Ballim and Accelerate Cape Town chief executive Guy Lundy agreed cities would become more important than nation states in terms of trade in coming decades.

But Ballim warned that South Africa could not assume to be the gateway into Africa, as other countries such as Brazil and China had better diplomatic relations than South Africa in a number of high-growth African countries.”

While the Chinese, the Indians and
the Brazilians had been expanding their business activities rapidly across Africa, it had taken most South African firms a while to grasp the economic opportunities of doing business there, Lundy said.

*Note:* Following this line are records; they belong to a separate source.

(* Let $\Gamma$ be a finite group, let $\mathcal{S}_\Gamma$ be a Schur ring over $\Gamma$ with basis $\mathcal{B}[\mathcal{S}_\Gamma]$, and let $\gamma \in \Gamma$ have odd order $n$. Let $r$ and $t$ be integers such that $r - t$ is relatively prime to $n$. If $\gamma^r + \gamma^t$ is an element of $\mathcal{B}[\mathcal{S}_\Gamma]$, then $\gamma^s + \gamma^{-s}$ is also an element of $\mathcal{B}[\mathcal{S}_\Gamma]$ for every integer $s$ relatively prime to $n$.
   Context: For a subset $X \subseteq \Gamma$ write $\overline{X} = \sum_{x \in X} x \in \mathbb{Z}[\Gamma]$ (a ''simple quantity''), and $X^{-1} = \{x^{-1} : x \in X\}$. A Schur ring over $\Gamma$ is a subring $\mathcal{S}$ of the group ring $\mathbb{Z}[\Gamma]$, closed under addition, multiplication and multiplication by integers, for which there is a partition $\{B_0, B_1, \dots, B_{r-1}\}$ of $\Gamma$ with $B_0 = \{1\}$ such that every element of $\mathcal{S}$ has a unique representation $\sum_{i} \beta_i \overline{B}_i$ with integer coefficients, $\sum_i \overline{B}_i = \overline{\Gamma}$, and for each $i$ there is $j$ with $\overline{B}_j = \overline{B_i^{-1}}$. The set $\{\overline{B}_0, \dots, \overline{B}_{r-1}\}$ is the basis $\mathcal{B}[\mathcal{S}]$ of the Schur ring, and its members are the basic elements. Thus ''$\gamma^r + \gamma^t \in \mathcal{B}[\mathcal{S}_\Gamma]$'' means $\{\gamma^r, \gamma^t\}$ is one of the basic sets. *)

From mathcomp Require Import all_boot all_order all_algebra all_fingroup.
Set Implicit Arguments. Unset Strict Implicit. Unset Printing Implicit Defensive.
Import GRing.Theory Num.Theory.
Local Open Scope ring_scope.
Local Open Scope group_scope.

(* Elements of the group ring Z[G] are represented as coefficient functions
   G -> int (an element sum_g a_g g is the function g |-> a_g). *)
Definition grpring (gT : finGroupType) := gT -> int.

Definition simpleq (gT : finGroupType) (X : {set gT}) : grpring gT :=
  fun g => ((g \in X) : nat)%:Z.

Definition grmul (gT : finGroupType) (f h : grpring gT) : grpring gT :=
  fun g => (\sum_(x : gT) f x * h ((x^-1 * g)%g))%R.

Definition in_span (gT : finGroupType) (P : {set {set gT}}) (f : grpring gT) :=
  exists c : {set gT} -> int,
    forall g, f g = (\sum_(B in P) c B * simpleq B g)%R.

(* P is the basis partition of a Schur ring over gT: P partitions gT with
   {1} a block, is closed under inversion of blocks, and the Z-span of the
   simple quantities of the blocks (which contains 1 = \overline{\{1\}},
   is closed under addition and integer multiples, and in which
   representations are unique since the blocks are disjoint and nonempty)
   is closed under multiplication; by bilinearity, the latter is equivalent
   to products of basic elements lying in the span. *)
Definition schur_basis (gT : finGroupType) (P : {set {set gT}}) : Prop :=
  [/\ partition P [set: gT],
      [set 1] \in P,
      (forall B, B \in P -> B^-1 \in P) &
      (forall B C, B \in P -> C \in P -> in_span P (grmul (simpleq B) (simpleq C)))].

Definition expgz (gT : finGroupType) (x : gT) (z : int) : gT :=
  match z with
  | Posz n => x ^+ n
  | Negz n => (x ^+ n.+1)^-1
  end.

From mathcomp Require Import all_boot all_order all_algebra all_fingroup all_solvable.
Set Implicit Arguments. Unset Strict Implicit. Unset Printing Implicit Defensive.
Import GRing.Theory.
Local Open Scope ring_scope.
Local Open Scope group_scope.

(* Let x = gamma^(r-t) = a b^-1 with a = gamma^r, b = gamma^t; x generates
   <gamma>.  The elements of the Schur ring are the functions constant on the
   basic sets.  Since {a,b} {a,b}^-1 = 2 + x + x^-1, the ring contains
   x + x^-1, and by the recursion
   (x + x^-1)(x^(j+1) + x^-(j+1)) = (x^(j+2) + x^-(j+2)) + (x^j + x^-j)
   it contains every x^j + x^-j.  Hence the basic set of y = gamma^s lies in
   {y, y^-1}.  Were it {y}, all powers of y, x among them, would form
   singleton basic sets; then x {a, b} = {x a, a} is a union of basic sets
   meeting {a, b}, which forces x^2 = 1, impossible in odd order n > 1. *)

Section GroupRing.
Variable gT : finGroupType.
Implicit Types (z g : gT) (h : grpring gT).

Definition symq z : grpring gT :=
  fun g => (g == z : nat)%:Z + (g == z^-1 : nat)%:Z.

Lemma grmul_simpleql (A : {set gT}) h g :
  grmul (simpleq A) h g = (\sum_(u in A) h (u^-1 * g)%g)%R.
Proof.
rewrite /grmul /simpleq [RHS]big_mkcond /=; apply: eq_bigr => u _.
by case: (u \in A); rewrite ?mul1r ?mul0r.
Qed.

Lemma grmul_set1l z h g : grmul (simpleq [set z]) h g = h (z^-1 * g).
Proof. by rewrite grmul_simpleql big_set1. Qed.

Lemma grmul_symql z h g : grmul (symq z) h g = h (z^-1 * g) + h (z * g).
Proof.
have pointl y : (\sum_u (u == y : nat)%:Z * h (u^-1 * g)%g)%R = h (y^-1 * g).
  rewrite (bigD1 y) //= eqxx mul1r big1 ?addr0 // => u /negbTE->.
  by rewrite mul0r.
by rewrite /grmul; under eq_bigr do rewrite mulrDl; rewrite big_split /= !pointl invgK.
Qed.

Lemma grmul_set2_inv a b g : a != b ->
  grmul (simpleq [set a; b]) (simpleq [set a; b]^-1) g =
  symq 1 g + symq (a * b^-1) g.
Proof.
move=> neq_ab; rewrite grmul_simpleql big_setU1 ?inE //= big_set1 /simpleq /symq.
have shift u v : (u^-1 * g)^-1 == v = (g == u * v^-1).
  by apply/eqP/eqP => [<- | ->]; rewrite !invMg !invgK ?mulKVg ?mulgKV.
rewrite !mem_invg !inE !shift !mulgV invg1 invMg invgK.
have [->|_] := eqVneq g 1; last by case: (g == _); case: (g == _).
by rewrite ![1 == _]eq_sym -!eq_mulgV1 (negbTE neq_ab) eq_sym (negbTE neq_ab).
Qed.

Lemma symq_expg_rec x m g :
  grmul (symq x) (symq (x ^+ m.+1)) g = symq (x ^+ m.+2) g + symq (x ^+ m) g.
Proof.
rewrite grmul_symql /symq.
have e1 : (x^-1 * g == x ^+ m.+1) = (g == x ^+ m.+2).
  by rewrite (expgS x m.+1); apply/eqP/eqP => [<- | ->]; rewrite ?mulKVg ?mulKg.
have e2 : (x^-1 * g == (x ^+ m.+1)^-1) = (g == (x ^+ m)^-1).
  by rewrite expgSr invMg; apply/eqP/eqP => [/(mulgI x^-1) | ->].
have e3 : (x * g == x ^+ m.+1) = (g == x ^+ m).
  by rewrite expgS; apply/eqP/eqP => [/(mulgI x) | ->].
have e4 : (x * g == (x ^+ m.+1)^-1) = (g == (x ^+ m.+2)^-1).
  by rewrite (expgSr x m.+1) invMg; apply/eqP/eqP => [<- | ->]; rewrite ?mulKg ?mulKVg.
by rewrite e1 e2 e3 e4 addrACA [RHS]addrACA [X in _ = _ + X]addrC.
Qed.

End GroupRing.

Section BlockConstant.
Variables (gT : finGroupType) (P : {set {set gT}}).
Hypothesis partP : partition P [set: gT].

Definition block_const (f : grpring gT) :=
  forall g h, h \in pblock P g -> f g = f h.

Let trivP : trivIset P. Proof. by case/and3P: partP. Qed.

Let covP : cover P = [set: gT]. Proof. by case/and3P: partP => /eqP. Qed.
Let pblock_id g : g \in pblock P g. Proof. by rewrite mem_pblock covP inE. Qed.
Let pblockP g : pblock P g \in P. Proof. by rewrite pblock_mem ?covP ?inE. Qed.

Lemma simpleq_pblock B g : B \in P -> simpleq B g = (B == pblock P g : nat)%:Z.
Proof.
move=> PB; rewrite /simpleq; congr (Posz (nat_of_bool _)).
apply/idP/eqP => [gB | ->]; first by rewrite (def_pblock trivP PB gB).
exact: pblock_id.
Qed.

Lemma sum_simpleq_pblock (c : {set gT} -> int) g :
  \sum_(B in P) c B * simpleq B g = c (pblock P g).
Proof.
rewrite (bigD1 (pblock P g)) //= simpleq_pblock // eqxx mulr1.
rewrite big1 ?addr0 // => B /andP[PB /negbTE nB].
by rewrite simpleq_pblock // nB mulr0.
Qed.

Lemma in_spanP f : in_span P f <-> block_const f.
Proof.
split=> [[c Df] g h hg | fP].
  by rewrite !Df !sum_simpleq_pblock (same_pblock trivP hg).
exists (fun B => f (repr B)) => g; rewrite sum_simpleq_pblock.
by apply: fP; apply: mem_repr (pblock_id g).
Qed.

Lemma block_const_simpleq B : B \in P -> block_const (simpleq B).
Proof.
by move=> PB g h hg; rewrite !simpleq_pblock // (same_pblock trivP hg).
Qed.

Lemma block_const_eq f f' : block_const f -> f =1 f' -> block_const f'.
Proof. by move=> fP eqf g h hg; rewrite -!eqf; apply: fP. Qed.

Lemma block_constD f f' :
  block_const f -> block_const f' -> block_const (fun g => f g + f' g)%R.
Proof. by move=> fP f'P g h hg; rewrite (fP _ _ hg) (f'P _ _ hg). Qed.

Lemma block_constB f f' :
  block_const f -> block_const f' -> block_const (fun g => f g - f' g)%R.
Proof. by move=> fP f'P g h hg; rewrite (fP _ _ hg) (f'P _ _ hg). Qed.

Lemma block_const_set1 z : block_const (simpleq [set z]) -> [set z] \in P.
Proof.
move=> zP; suff <- : pblock P z = [set z] by [].
apply/setP => h; rewrite in_set1; apply/idP/eqP => [hz | ->]; last exact: pblock_id.
by move: (zP _ _ hz); rewrite /simpleq !in_set1 eqxx; case: eqP.
Qed.

Lemma block_const_symq_cases z :
  block_const (symq z) -> [set z; z^-1] \in P \/ [set z] \in P.
Proof.
move=> zP.
have sub_z h : h \in pblock P z -> (h == z) || (h == z^-1).
  by move/(zP z h); rewrite /symq eqxx; case: (h == z); case: (h == z^-1).
have [zi_z | zi_nz] := boolP (z^-1 \in pblock P z); [left | right].
  suff <- : pblock P z = [set z; z^-1] by [].
  apply/setP => h; rewrite !inE; apply/idP/idP => [/sub_z // | /orP[]/eqP-> //].
suff <- : pblock P z = [set z] by [].
apply/setP => h; rewrite inE; apply/idP/eqP => [hz | ->]; last exact: pblock_id.
by case/orP: (sub_z h hz) => /eqP // hzi; rewrite -hzi hz in zi_nz.
Qed.

End BlockConstant.

Lemma odd_order_expg2_eq1 (gT : finGroupType) (z : gT) :
  odd #[z] -> z ^+ 2 = 1 -> z = 1.
Proof.
move=> odd_z /eqP; rewrite -order_dvdn => /(dvdn_leq (isT : 0 < 2)%N) le_z2.
by apply/eqP; rewrite -order_eq1; move: odd_z le_z2; case: #[z] => [|[|[]]].
Qed.

Section SchurRing.
Variables (gT : finGroupType) (P : {set {set gT}}).
Hypothesis schurP : schur_basis P.

Let partP : partition P [set: gT]. Proof. by case: schurP. Qed.
Let trivP : trivIset P. Proof. by case/and3P: partP. Qed.
Let set1_1P : [set 1] \in P. Proof. by case: schurP. Qed.
Local Notation block_const := (block_const P).

Lemma block_const_grmul f h :
  block_const f -> block_const h -> block_const (grmul f h).
Proof.
move=> /(in_spanP partP)[c Df] /(in_spanP partP)[d Dh].
have mulP B C : B \in P -> C \in P -> block_const (grmul (simpleq B) (simpleq C)).
  by case: schurP => _ _ _ mulP PB PC; apply/(in_spanP partP)/mulP.
have Dfh g : grmul f h g = (\sum_(B in P) \sum_(C in P)
                              c B * d C * grmul (simpleq B) (simpleq C) g)%R.
  rewrite /grmul; under eq_bigr => y _ do rewrite Df Dh big_distrlr /=.
  rewrite exchange_big /=; apply: eq_bigr => B _.
  rewrite exchange_big /=; apply: eq_bigr => C _.
  by rewrite mulr_sumr; apply: eq_bigr => y _; rewrite mulrACA.
move=> g g' gg'; rewrite !Dfh; apply: eq_bigr => B PB; apply: eq_bigr => C PC.
by rewrite (mulP _ _ PB PC _ _ gg').
Qed.

Lemma set1M y z : [set y] \in P -> [set z] \in P -> [set y * z] \in P.
Proof.
move=> Py Pz; apply: (block_const_set1 partP).
apply: (block_const_eq (block_const_grmul (block_const_simpleq partP Py)
                                           (block_const_simpleq partP Pz))) => g.
rewrite grmul_set1l /simpleq !in_set1; congr (Posz (nat_of_bool _)).
by apply/eqP/eqP => [<- | ->]; rewrite ?mulKVg ?mulKg.
Qed.

Lemma set1_cycle y x : [set y] \in P -> x \in <[y]> -> [set x] \in P.
Proof.
move=> Py /cycleP[k ->]; elim: k => [|k IHk]; first by rewrite expg0.
by rewrite expgS set1M.
Qed.

Lemma block_const_symq_expg a b : a != b -> [set a; b] \in P ->
  forall j, block_const (symq ((a * b^-1) ^+ j)).
Proof.
move=> neq_ab Pab; set x := a * b^-1.
have Pab_inv : [set a; b]^-1 \in P by case: schurP => _ _ invP _; apply: invP.
have symq1 : block_const (symq 1).
  apply: (block_const_eq (block_constD (block_const_simpleq partP set1_1P)
                                       (block_const_simpleq partP set1_1P))) => g.
  by rewrite /symq /simpleq invg1 in_set1.
have symqx : block_const (symq x).
  apply: (block_const_eq (block_constB (block_const_grmul
            (block_const_simpleq partP Pab) (block_const_simpleq partP Pab_inv)) symq1)) => g.
  by rewrite grmul_set2_inv // [symq 1 g + _]addrC addrK.
suff symq2 j : block_const (symq (x ^+ j)) /\ block_const (symq (x ^+ j.+1)).
  by move=> j; case: (symq2 j).
elim: j => [|j [IHj IHj1]]; first by rewrite expg0 expg1.
split=> //; apply: (block_const_eq (block_constB (block_const_grmul symqx IHj1) IHj)) => g.
by rewrite symq_expg_rec addrK.
Qed.

Lemma set2_set1_expg2 a b :
  [set a; b] \in P -> [set a * b^-1] \in P -> (a * b^-1) ^+ 2 = 1.
Proof.
move=> Pab Px; set x := a * b^-1 in Px *.
(* The indicator of [x {a, b}] is constant on blocks and equals 1 at [a = x b]. *)
have b_ab : b \in pblock P a by rewrite (def_pblock trivP Pab (set21 a b)) set22.
move: (block_const_grmul (block_const_simpleq partP Px) (block_const_simpleq partP Pab) b_ab).
rewrite !grmul_set1l /simpleq.
have -> : x^-1 * a = b by rewrite /x invMg invgK mulgKV.
rewrite set22; case/boolP: (x^-1 * b \in _) => // /set2P[] bx _.
  have xV : x^-1 = x by apply: (mulIg b); rewrite bx /x mulgKV.
  by rewrite expgS expg1 -{1}xV mulVg.
have /eqP : x^-1 = 1 by apply: (mulIg b); rewrite bx mul1g.
by rewrite eq_invg1 => /eqP ->; rewrite expg1n.
Qed.

Lemma set2_inv_block a b y : odd #[a * b^-1] -> <[y]> = <[a * b^-1]> ->
  [set a; b] \in P -> [set y; y^-1] \in P.
Proof.
move=> odd_x cyc_y Pab; set x := a * b^-1 in odd_x cyc_y *.
have [x1 | ntx] := eqVneq x 1.
  have /eqP -> : y == 1 by rewrite -cycle_eq1 cyc_y x1 cycle1.
  by rewrite invg1 setUid.
have neq_ab : a != b by apply: contraNneq ntx => eq_ab; rewrite /x eq_ab mulgV.
have /cycleP[k Dy] : y \in <[x]> by rewrite -cyc_y cycle_id.
rewrite Dy; case: (block_const_symq_cases partP (block_const_symq_expg neq_ab Pab k)) => // Py.
rewrite -Dy in Py.
have Px : [set x] \in P by apply: (set1_cycle Py); rewrite cyc_y cycle_id.
by case/eqP: ntx; apply: odd_order_expg2_eq1 odd_x (set2_set1_expg2 Pab Px).
Qed.

End SchurRing.

Section IntegerPowers.
Variables (gT : finGroupType) (g : gT).

Let absz_modz_order z : (`|(z %% #[g])%Z|%N)%:Z = (z %% #[g])%Z.
Proof. by rewrite gez0_abs // modz_ge0 // -lt0n order_gt0. Qed.

Lemma expgz_mod z : expgz g z = g ^+ `|(z %% #[g])%Z|%N.
Proof.
case: z => m /=; first by rewrite modz_nat absz_nat expg_mod_order.
set k := `|_|%N.
have : (#[g]%:Z %| k%:Z - Negz m)%Z.
  by rewrite absz_modz_order -eqz_mod_dvd modz_mod.
rewrite NegzE opprK -PoszD dvdzE !absz_nat order_dvdn expgD => gkm.
by apply/eqP; rewrite eq_invg_mul -expgD addnC expgD.
Qed.

Lemma expgzN z : expgz g (- z)%R = (expgz g z)^-1.
Proof. by case: z => [[|m]|m] //=; rewrite ?invg1 ?invgK. Qed.

Lemma expgzD u v : expgz g (u + v)%R = expgz g u * expgz g v.
Proof.
rewrite !expgz_mod -expgD; apply/eqP; rewrite eq_expg_mod_order -eqz_nat.
by rewrite -!modz_nat PoszD !absz_modz_order modz_mod modzDm.
Qed.

Lemma cycle_expgz z : coprimez z #[g] -> <[expgz g z]> = <[g]>.
Proof.
move=> cop_z; apply/esym/eqP; change (generator <[g]> (expgz g z)).
rewrite expgz_mod generator_coprime coprime_sym.
by move: cop_z; rewrite /coprimez -gcdz_modl -/(coprimez _ _) coprimezE absz_nat.
Qed.

End IntegerPowers.

Theorem lemma2p1 (gT : finGroupType) (P : {set {set gT}}) (gamma : gT)
    (r t : int) :
  schur_basis P ->
  odd #[gamma] ->
  coprimez (r - t)%R #[gamma] ->
  [set expgz gamma r; expgz gamma t] \in P ->
  forall s : int, coprimez s #[gamma] ->
    [set expgz gamma s; expgz gamma (- s)%R] \in P.
Proof.
move=> schurP odd_gamma cop_rt Pab s cop_s.
have cyc_x : <[expgz gamma r * (expgz gamma t)^-1]> = <[gamma]>.
  by rewrite -expgzN -expgzD cycle_expgz.
rewrite expgzN; apply: (set2_inv_block schurP _ _ Pab).
  by rewrite orderE cyc_x -orderE.
by rewrite cyc_x cycle_expgz.
Qed.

But “corporate Cape Town can help position the city as a hub for doing business in Africa”.

Hinre Smit, the development manager in Africa at Distell, which has grown its exports to the rest of the continent, said it was important to find the right local business partner with sufficient cashflow, to get to know the preferences of African consumers, to rethink marketing strategies for each country, to employ skilled locals and to have “huge patience with permits and processes”.